A British announcer booms over the PA—
“the sensation really”
(rehlly)
“of today’s competition”
—as though druh-sahzh requires Anglos shipped from the motherland—
“eight-year-old Lipizzaner stallion, Neapolitano Magnifica.”

“Isn’t it awful?” says Blanche. “How they’re paraded. I wish we could save them too.” She tugs my sleeve toward the front benches. Neapolitano Magnifica glows in centre ring, white coat tossing the sun beneath my eyelids. I can’t look straight on. He’s beatific. Flawless coat, as if before showtime the rider rubbed any imperfections with wet chalk. Vaseline for the chomps, perhaps. He trots in place, ankles springing like they’re hoofing on toothpicks

“How supple his back,”
murmurs the announcer, “
a cadenced
piaffe.”

A cadenced
piaffe
. Édith Piaf. “La Vie En Rose.” Supple backs and regulation heels—toothpicks, minimum 7.5 centimetres, she said. Blanche,
ma rose
.

“Blanche, my rose,” I say. “I forgot something in the car. A couple things. I’ll find you in twenty.”

Blanche’s wrist slides from my elbow and I barely catch her smile before she drifts toward the front bench.

“Just look at the height and the freedom in front,”
the announcer rumbles as I slip back toward the trailer.

Operation Camel-y Freedom. The trailer air is thick with unventilated piss, and here’s me, hunchback of urine can, sweet-talking the beasts from the collar of my T-shirt. I make lip-sucking noises, cluck my tongue.

“Out you go, boys—all-you-can-breathe oxygen, I promise you that.”

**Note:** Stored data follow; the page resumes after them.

(* A point of the simplex with at most one positive coordinate is a vertex e_i:
   some coordinate is positive since the mass is 1, and it then carries all of it. *)
Lemma simplex_support_le1_vertex (p : 'I_m -> R) :
  simplex p -> (forall i j, 0 < p i -> 0 < p j -> i = j) ->
  exists i, forall k, p k = unitvec R i k.
Proof.
move=> [p_ge0 p_sum] p_supp.
have [i pi0] : exists i, 0 < p i.
  apply: contrapT => no_pos; move/eqP: p_sum; apply/negP.
  rewrite big1 ?(@eq_sym _ 0) ?oner_eq0 // => k _.
  by apply/eqP; rewrite eq_le p_ge0 andbT leNgt; apply/negP => pk0; apply: no_pos; exists k.
have p_off k : k != i -> p k = 0.
  move=> ki; apply/eqP; rewrite eq_le p_ge0 andbT leNgt; apply/negP => pk0.
  by move/eqP: ki; apply; apply: p_supp.
exists i => k; rewrite /unitvec.
have [<-|ik] := eqVneq i k; last by rewrite p_off // eq_sym.
by move: p_sum; rewrite (bigD1 i) //= big1 ?addr0 // => l li; apply: p_off.
Qed.

Lemma distB_vertex (p : 'I_m -> R) (i : 'I_m) :
  (forall k, p k = unitvec R i k) -> distB p = 0.
Proof.
move=> p_vertex.
set S := [set d | exists k : 'I_m, d = Defs.edist p (unitvec R k)].
have S0 : S 0.
  exists i; rewrite /Defs.edist big1 ?sqrtr0 // => k _.
  by rewrite p_vertex subrr expr0n.
have S_ge0 : lbound S 0 by move=> y [k ->]; apply: sqrtr_ge0.
rewrite /distB -/S; apply/eqP; rewrite eq_le; apply/andP; split.
- by apply: (ge_inf _ S0); exists 0.
- by apply: lb_le_inf => //; exists 0.
Qed.

End Vertices.

Theorem lemma4 (R : realType) (m : nat) (a : rel 'I_m) (mu : 'I_m -> R)
    (alpha : nat -> R) (pi : nat -> 'I_m -> R) :
  (1 < m)%N ->
  (forall i, a i i) ->
  (forall i j, a i j = a j i) ->
  (forall i j, connect a i j) ->
  (forall i, 0 < mu i) ->
  (forall n, 0 < alpha n) ->
  (forall n, alpha n <= alpha n.+1) ->
  alpha n @[n --> \oo] --> +oo ->
  (forall n, PiSet a mu (alpha n) (pi n)) ->
  distB (pi n) @[n --> \oo] --> 0.
Proof.
move=> _ a_refl a_sym _ mu_gt0 _ _ alpha_oo pi_max.
(* eventually alpha_n > 1, and from then on pi_n is a vertex *)
apply: cvg_near_cst.
have : \forall n \near \oo, 1 < alpha n by move/cvgryPgt: alpha_oo => /(_ 1).
apply: filterS => n alpha_gt1.
have [pi_simplex _] := pi_max n.
have supp := local_max_support_le1 a_refl a_sym mu_gt0 alpha_gt1 (pi_max n).
have [i pi_vertex] := simplex_support_le1_vertex pi_simplex supp.
exact: distB_vertex pi_vertex.
Qed.
Lemma tight_setsI A B :
  A \in tight_sets x -> B \in tight_sets x -> A :&: B \in tight_sets x.
Proof.
have [[_ _ closedUI] [_ _ _ submod _]] := U.
rewrite !inE => /andP[AD /eqP xA] /andP[BD /eqP xB].
have [ABD IABD] := closedUI _ _ AD BD; rewrite IABD /=.
have := xsumUI x A B; have := sx ABD; have := sx IABD.
have : ((rho (A :|: B))%:R + (rho (A :&: B))%:R <= (rho A)%:R + (rho B)%:R :> R).
  by rewrite -!natrD ler_nat submod.
by rewrite xA xB => *; apply/eqP; lra.
Qed.

Lemma face_dir_of_coords d : {in tight_sets x, forall A, xsum d A = 0} ->
    (forall a, a \notin frac x -> d ord0 a = 0) -> (exists a, 0 < d ord0 a) ->
  face_dir subm_cube_lhs subm_cube_rhs x d.
Proof.
move=> d_tight d_frac [a da]; split.
- move=> [[A AD]|[b|b]]; rewrite inE /= => /eqP xb.
  + by apply: d_tight; rewrite inE AD xb eqxx.
  + by apply: d_frac; rewrite inE xb ltxx andbF.
  + move/eqP: xb; rewrite oppr_eq0 => /eqP xb.
    by rewrite d_frac ?oppr0 // inE xb ltxx.
- by exists (inr (inl a)).
- by exists (inr (inr a)); rewrite /= oppr_lt0.
Qed.

Lemma frac_inseparable_pair : frac x != set0 ->
    (forall j, j \in frac x -> exists2 A, A \in tight_sets x & j \in A) ->
  exists i k, [/\ i \in frac x, k \in frac x, k != i &
    forall A, A \in tight_sets x -> (i \in A) = (k \in A)].
Proof.
move=> /set0Pn[i0 i0F] covered.
pose hull j := sup_in (tight_sets x) [set j].
have hull_tight j : j \in frac x -> hull j \in tight_sets x.
  by move=> /covered[A TA jA]; apply: sup_in_mem tight_setsI TA _; rewrite sub1set.
have hull_min j A : A \in tight_sets x -> j \in A -> hull j \subset A.
  by move=> TA jA; apply: sup_in_min; rewrite ?sub1set.
have in_hull j : j \in hull j by rewrite -sub1set sup_in_sub.
have [i iF hull_i_min] := arg_minnP (fun j => #|hull j|) i0F.
have [k /setIP[k_hull kF] ki] : exists2 k, k \in hull i :&: frac x & k != i.
  have := hull_tight i iF; rewrite inE => /andP[_ /eqP x_hull].
  exact: xsum_nat_frac_partner cx x_hull (in_hull i) iF.
exists i, k; split=> // A TA; apply/idP/idP => [iA|kA].
  exact: subsetP (hull_min i A TA iA) k k_hull.
have hull_ki : hull k \subset hull i := hull_min k _ (hull_tight i iF) k_hull.
have e_hull : hull k = hull i by apply/eqP; rewrite eqEcard hull_ki hull_i_min.
by apply: (subsetP (hull_min k A TA kA)); rewrite e_hull.
Qed.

The camels are impervious—not negotiating. I gently shoulder-check one toward the open door.

“C’mon. Go get yerselves some vitamin D.”

What’s that they say about camels and stubbornness? I glance out a window, then face the nearest brute eye to eye. His face is like how children draw cats—anchor-shaped grin dropped from a triangular nose. I think he’s laughing at me. Perhaps they expect remuneration. Food-like.